Required action: All lines with the word "Jsep" in the material below are required.

Data under study:
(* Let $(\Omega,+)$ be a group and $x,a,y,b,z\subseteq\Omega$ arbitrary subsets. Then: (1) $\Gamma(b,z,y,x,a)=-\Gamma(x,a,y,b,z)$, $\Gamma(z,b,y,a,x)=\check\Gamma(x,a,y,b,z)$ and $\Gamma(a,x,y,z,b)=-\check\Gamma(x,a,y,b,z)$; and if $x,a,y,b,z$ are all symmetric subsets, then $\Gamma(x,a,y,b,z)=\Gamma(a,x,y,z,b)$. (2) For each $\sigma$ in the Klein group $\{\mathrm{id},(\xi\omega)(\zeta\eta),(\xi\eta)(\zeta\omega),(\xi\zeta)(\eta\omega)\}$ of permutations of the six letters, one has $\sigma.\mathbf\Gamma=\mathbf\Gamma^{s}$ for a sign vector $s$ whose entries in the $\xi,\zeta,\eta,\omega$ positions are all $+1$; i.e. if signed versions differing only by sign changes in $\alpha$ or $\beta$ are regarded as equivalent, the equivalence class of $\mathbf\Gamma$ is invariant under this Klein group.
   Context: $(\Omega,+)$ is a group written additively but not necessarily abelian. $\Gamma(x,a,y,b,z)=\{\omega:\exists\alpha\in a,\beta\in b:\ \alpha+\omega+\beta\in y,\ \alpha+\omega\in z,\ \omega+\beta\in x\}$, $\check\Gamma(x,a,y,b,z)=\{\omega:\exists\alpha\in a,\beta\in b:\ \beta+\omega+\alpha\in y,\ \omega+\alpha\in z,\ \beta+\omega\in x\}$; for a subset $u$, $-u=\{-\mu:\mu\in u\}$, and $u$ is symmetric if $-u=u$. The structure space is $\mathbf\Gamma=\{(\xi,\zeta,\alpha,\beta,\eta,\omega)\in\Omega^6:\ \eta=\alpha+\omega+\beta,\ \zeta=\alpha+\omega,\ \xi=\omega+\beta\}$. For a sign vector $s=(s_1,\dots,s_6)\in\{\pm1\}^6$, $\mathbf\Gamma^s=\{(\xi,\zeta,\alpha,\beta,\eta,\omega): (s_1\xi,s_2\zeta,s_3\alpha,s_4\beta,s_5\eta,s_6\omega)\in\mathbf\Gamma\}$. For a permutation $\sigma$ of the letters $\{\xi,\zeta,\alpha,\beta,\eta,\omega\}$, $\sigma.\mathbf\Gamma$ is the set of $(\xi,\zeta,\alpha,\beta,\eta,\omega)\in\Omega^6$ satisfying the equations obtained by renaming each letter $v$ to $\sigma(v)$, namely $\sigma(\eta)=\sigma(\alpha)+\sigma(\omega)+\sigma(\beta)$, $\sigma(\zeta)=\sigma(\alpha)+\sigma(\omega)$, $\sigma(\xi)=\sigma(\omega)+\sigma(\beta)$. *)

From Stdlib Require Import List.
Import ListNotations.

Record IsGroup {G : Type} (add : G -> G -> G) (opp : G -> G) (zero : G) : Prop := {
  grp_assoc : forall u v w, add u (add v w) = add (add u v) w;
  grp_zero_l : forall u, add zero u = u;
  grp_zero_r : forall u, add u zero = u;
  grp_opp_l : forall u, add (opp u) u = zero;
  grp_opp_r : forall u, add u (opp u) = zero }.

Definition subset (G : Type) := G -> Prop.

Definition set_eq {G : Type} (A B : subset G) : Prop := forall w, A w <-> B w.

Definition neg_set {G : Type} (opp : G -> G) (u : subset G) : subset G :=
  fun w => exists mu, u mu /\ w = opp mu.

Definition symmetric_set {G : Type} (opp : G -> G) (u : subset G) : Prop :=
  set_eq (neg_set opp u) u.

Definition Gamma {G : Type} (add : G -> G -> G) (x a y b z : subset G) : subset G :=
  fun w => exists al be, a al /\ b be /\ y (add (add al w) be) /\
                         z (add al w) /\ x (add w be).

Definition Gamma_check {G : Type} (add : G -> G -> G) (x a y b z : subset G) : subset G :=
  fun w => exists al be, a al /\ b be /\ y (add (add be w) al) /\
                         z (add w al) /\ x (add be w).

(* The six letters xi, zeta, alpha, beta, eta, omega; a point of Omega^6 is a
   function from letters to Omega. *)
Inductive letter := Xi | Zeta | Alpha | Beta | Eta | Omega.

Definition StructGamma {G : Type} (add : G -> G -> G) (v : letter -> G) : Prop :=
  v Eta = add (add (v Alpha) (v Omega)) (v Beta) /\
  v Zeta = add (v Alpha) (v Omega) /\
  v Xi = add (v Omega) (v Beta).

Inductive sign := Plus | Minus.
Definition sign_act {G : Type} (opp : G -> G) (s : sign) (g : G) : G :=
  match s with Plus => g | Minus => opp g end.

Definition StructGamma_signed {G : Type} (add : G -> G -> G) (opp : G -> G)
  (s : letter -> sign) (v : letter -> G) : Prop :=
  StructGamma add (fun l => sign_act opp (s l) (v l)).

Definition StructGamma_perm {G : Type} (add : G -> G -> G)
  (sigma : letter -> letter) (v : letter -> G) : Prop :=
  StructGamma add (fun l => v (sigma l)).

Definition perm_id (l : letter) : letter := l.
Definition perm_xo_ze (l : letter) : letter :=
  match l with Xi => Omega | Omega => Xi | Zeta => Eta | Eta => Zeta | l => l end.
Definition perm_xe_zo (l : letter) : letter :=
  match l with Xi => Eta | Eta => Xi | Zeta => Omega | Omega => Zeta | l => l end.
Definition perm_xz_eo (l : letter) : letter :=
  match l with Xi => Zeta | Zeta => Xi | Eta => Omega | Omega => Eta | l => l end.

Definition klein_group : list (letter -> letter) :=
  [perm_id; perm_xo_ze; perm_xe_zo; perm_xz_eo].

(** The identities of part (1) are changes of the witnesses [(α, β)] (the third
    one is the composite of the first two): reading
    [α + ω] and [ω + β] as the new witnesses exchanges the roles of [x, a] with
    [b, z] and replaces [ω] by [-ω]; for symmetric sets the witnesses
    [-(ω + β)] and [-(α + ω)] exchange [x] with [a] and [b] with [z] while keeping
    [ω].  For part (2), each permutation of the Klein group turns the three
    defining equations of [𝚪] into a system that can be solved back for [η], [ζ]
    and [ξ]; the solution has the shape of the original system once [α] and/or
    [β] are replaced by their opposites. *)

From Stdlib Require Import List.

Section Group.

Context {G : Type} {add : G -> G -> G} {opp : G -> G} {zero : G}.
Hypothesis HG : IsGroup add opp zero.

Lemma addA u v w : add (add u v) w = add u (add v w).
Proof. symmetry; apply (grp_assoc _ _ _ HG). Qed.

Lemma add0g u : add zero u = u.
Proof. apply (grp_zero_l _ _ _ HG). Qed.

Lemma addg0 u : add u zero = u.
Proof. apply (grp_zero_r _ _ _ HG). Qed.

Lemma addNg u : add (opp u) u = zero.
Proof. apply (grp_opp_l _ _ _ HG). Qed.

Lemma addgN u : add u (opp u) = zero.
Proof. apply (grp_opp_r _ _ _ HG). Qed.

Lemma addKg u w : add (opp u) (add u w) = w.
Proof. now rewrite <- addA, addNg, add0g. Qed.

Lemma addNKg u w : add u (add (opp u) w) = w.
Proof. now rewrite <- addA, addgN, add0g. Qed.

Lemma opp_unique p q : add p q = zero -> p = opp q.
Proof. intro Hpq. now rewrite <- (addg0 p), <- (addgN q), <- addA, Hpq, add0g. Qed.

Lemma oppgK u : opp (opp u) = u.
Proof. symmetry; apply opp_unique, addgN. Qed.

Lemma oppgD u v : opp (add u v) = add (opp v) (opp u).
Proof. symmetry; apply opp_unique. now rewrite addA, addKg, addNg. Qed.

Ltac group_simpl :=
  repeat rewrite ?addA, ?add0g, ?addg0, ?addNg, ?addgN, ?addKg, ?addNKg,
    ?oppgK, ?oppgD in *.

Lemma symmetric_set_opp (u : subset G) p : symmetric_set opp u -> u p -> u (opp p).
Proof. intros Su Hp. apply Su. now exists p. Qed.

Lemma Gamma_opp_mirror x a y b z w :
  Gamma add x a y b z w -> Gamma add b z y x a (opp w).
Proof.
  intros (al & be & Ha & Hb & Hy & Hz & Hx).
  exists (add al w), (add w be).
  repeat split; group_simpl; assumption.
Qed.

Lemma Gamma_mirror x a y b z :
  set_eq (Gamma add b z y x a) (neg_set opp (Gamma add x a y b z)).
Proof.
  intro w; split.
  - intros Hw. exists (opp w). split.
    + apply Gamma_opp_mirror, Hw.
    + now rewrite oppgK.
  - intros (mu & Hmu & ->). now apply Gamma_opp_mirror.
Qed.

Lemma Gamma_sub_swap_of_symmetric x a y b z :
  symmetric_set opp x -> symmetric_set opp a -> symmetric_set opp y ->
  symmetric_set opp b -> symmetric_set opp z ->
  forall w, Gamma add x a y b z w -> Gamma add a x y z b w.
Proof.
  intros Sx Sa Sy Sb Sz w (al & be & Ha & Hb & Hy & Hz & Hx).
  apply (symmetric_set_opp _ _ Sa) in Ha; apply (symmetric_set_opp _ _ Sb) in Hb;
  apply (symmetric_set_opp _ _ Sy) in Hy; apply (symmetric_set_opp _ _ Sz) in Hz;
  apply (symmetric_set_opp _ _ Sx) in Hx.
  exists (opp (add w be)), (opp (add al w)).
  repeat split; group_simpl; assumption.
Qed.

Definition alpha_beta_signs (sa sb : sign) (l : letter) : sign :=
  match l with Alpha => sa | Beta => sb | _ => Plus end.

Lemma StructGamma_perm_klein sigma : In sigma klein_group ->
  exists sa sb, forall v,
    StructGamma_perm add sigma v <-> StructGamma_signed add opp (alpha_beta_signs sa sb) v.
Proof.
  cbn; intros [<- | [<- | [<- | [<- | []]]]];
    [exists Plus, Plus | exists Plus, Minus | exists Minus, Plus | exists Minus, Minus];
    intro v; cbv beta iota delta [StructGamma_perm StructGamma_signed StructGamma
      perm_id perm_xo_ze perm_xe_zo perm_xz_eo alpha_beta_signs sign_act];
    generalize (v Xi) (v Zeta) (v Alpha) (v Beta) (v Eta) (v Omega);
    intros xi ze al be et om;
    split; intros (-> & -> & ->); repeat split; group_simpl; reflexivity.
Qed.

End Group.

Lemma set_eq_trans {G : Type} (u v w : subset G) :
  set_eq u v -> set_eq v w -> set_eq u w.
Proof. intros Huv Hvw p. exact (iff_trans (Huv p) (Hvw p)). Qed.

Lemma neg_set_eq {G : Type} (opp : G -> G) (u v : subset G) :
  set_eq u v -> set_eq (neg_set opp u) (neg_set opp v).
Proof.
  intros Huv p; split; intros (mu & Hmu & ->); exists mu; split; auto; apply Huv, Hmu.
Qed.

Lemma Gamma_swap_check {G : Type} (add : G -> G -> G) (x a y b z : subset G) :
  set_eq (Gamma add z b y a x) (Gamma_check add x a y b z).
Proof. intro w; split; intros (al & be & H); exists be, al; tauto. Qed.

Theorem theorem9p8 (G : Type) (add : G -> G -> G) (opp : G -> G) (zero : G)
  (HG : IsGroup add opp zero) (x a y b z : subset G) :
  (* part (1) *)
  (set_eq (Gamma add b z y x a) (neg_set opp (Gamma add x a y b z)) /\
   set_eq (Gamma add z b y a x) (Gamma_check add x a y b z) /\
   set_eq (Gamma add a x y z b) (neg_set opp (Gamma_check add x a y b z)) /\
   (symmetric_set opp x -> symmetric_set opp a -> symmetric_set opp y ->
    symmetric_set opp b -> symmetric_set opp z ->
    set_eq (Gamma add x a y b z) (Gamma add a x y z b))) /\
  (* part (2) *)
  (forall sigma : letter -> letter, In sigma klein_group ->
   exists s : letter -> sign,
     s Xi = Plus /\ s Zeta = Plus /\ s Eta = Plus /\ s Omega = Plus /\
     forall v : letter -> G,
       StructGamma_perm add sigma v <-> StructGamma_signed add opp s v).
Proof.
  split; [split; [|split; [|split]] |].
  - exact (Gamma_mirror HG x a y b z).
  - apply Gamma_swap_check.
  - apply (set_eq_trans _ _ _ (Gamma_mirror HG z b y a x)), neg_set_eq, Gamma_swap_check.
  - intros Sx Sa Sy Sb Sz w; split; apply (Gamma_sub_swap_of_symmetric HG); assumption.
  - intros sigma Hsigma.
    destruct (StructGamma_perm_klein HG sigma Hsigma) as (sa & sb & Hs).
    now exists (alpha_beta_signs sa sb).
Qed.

---

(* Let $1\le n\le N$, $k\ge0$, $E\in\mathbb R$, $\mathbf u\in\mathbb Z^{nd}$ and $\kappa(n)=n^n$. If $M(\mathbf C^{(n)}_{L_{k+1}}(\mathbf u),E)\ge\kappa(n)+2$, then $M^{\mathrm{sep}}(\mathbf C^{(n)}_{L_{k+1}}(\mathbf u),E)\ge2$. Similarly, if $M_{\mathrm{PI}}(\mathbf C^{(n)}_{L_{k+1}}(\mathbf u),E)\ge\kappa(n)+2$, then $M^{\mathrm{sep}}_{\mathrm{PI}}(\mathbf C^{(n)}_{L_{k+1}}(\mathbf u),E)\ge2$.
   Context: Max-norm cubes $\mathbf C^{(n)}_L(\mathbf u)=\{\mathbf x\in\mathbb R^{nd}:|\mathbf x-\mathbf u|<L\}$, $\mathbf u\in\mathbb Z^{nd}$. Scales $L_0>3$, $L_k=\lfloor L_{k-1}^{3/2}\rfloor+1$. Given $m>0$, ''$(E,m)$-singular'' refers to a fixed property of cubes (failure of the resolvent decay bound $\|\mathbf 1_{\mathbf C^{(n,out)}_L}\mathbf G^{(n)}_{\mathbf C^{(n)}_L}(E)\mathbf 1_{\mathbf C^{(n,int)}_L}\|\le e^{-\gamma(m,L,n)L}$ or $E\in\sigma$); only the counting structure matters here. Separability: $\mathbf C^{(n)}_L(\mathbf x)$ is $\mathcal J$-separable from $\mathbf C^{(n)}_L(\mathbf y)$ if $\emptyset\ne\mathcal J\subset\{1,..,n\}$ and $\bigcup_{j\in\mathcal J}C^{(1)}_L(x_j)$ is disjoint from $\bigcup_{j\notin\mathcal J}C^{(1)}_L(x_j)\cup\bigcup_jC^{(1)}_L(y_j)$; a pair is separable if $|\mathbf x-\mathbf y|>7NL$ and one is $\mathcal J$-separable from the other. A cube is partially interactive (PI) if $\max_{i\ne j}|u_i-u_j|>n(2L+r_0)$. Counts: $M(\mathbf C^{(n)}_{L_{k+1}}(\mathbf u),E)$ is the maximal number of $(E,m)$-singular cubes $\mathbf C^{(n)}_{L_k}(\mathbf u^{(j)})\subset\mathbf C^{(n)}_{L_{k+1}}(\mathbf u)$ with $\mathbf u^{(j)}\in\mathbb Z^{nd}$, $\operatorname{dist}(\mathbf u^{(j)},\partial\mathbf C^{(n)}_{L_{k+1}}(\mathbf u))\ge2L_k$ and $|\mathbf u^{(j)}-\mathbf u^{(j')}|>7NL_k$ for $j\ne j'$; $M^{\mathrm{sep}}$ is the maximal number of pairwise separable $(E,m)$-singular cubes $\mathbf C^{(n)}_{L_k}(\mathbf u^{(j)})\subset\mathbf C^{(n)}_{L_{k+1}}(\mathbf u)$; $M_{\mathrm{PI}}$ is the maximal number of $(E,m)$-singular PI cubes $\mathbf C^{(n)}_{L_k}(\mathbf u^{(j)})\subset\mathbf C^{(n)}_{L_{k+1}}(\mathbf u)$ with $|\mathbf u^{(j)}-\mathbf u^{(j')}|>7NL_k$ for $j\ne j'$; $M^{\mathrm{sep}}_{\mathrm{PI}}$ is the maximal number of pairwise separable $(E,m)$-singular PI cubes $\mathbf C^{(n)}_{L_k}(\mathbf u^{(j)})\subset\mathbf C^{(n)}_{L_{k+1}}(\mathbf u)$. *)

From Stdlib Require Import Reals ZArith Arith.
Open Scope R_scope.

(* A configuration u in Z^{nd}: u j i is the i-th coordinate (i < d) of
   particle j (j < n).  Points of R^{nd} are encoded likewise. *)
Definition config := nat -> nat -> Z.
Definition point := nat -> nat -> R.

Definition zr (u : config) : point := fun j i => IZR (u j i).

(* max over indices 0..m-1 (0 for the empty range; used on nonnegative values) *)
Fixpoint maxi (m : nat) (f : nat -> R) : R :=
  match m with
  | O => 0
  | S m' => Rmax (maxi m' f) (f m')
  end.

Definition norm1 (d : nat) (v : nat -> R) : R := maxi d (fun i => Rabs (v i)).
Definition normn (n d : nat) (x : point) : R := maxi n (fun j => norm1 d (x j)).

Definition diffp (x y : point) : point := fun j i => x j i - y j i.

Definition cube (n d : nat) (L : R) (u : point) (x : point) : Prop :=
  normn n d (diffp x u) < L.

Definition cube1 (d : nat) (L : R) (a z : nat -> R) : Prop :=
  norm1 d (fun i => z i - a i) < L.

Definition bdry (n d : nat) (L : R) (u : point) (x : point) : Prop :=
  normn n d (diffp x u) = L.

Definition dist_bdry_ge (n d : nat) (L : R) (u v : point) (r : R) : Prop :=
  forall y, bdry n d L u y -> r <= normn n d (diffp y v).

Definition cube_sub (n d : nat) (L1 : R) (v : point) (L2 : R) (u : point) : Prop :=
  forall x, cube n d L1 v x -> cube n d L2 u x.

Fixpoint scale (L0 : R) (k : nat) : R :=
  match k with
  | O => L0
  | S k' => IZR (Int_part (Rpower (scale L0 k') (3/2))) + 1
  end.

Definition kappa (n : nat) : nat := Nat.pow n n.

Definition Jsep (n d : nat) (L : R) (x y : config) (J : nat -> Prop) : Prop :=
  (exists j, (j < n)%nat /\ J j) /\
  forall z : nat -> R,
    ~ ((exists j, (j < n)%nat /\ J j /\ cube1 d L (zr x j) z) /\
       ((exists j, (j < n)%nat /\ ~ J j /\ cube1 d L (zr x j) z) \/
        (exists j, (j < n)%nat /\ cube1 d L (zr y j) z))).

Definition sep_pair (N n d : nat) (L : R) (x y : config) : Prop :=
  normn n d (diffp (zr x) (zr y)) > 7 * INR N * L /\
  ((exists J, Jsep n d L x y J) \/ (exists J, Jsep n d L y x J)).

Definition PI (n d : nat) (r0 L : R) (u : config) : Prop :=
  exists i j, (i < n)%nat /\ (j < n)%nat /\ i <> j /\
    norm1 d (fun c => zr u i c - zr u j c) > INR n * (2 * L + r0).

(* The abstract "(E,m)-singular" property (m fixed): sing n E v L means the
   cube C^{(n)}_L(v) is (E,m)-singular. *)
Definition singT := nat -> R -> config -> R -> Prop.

Response to the task:
Definition Jsep (n d : nat) (L : R) (x y : config) (J : nat -> Prop) : Prop :=
  ((exists J, Jsep n d L x y J) \/ (exists J, Jsep n d L y x J)).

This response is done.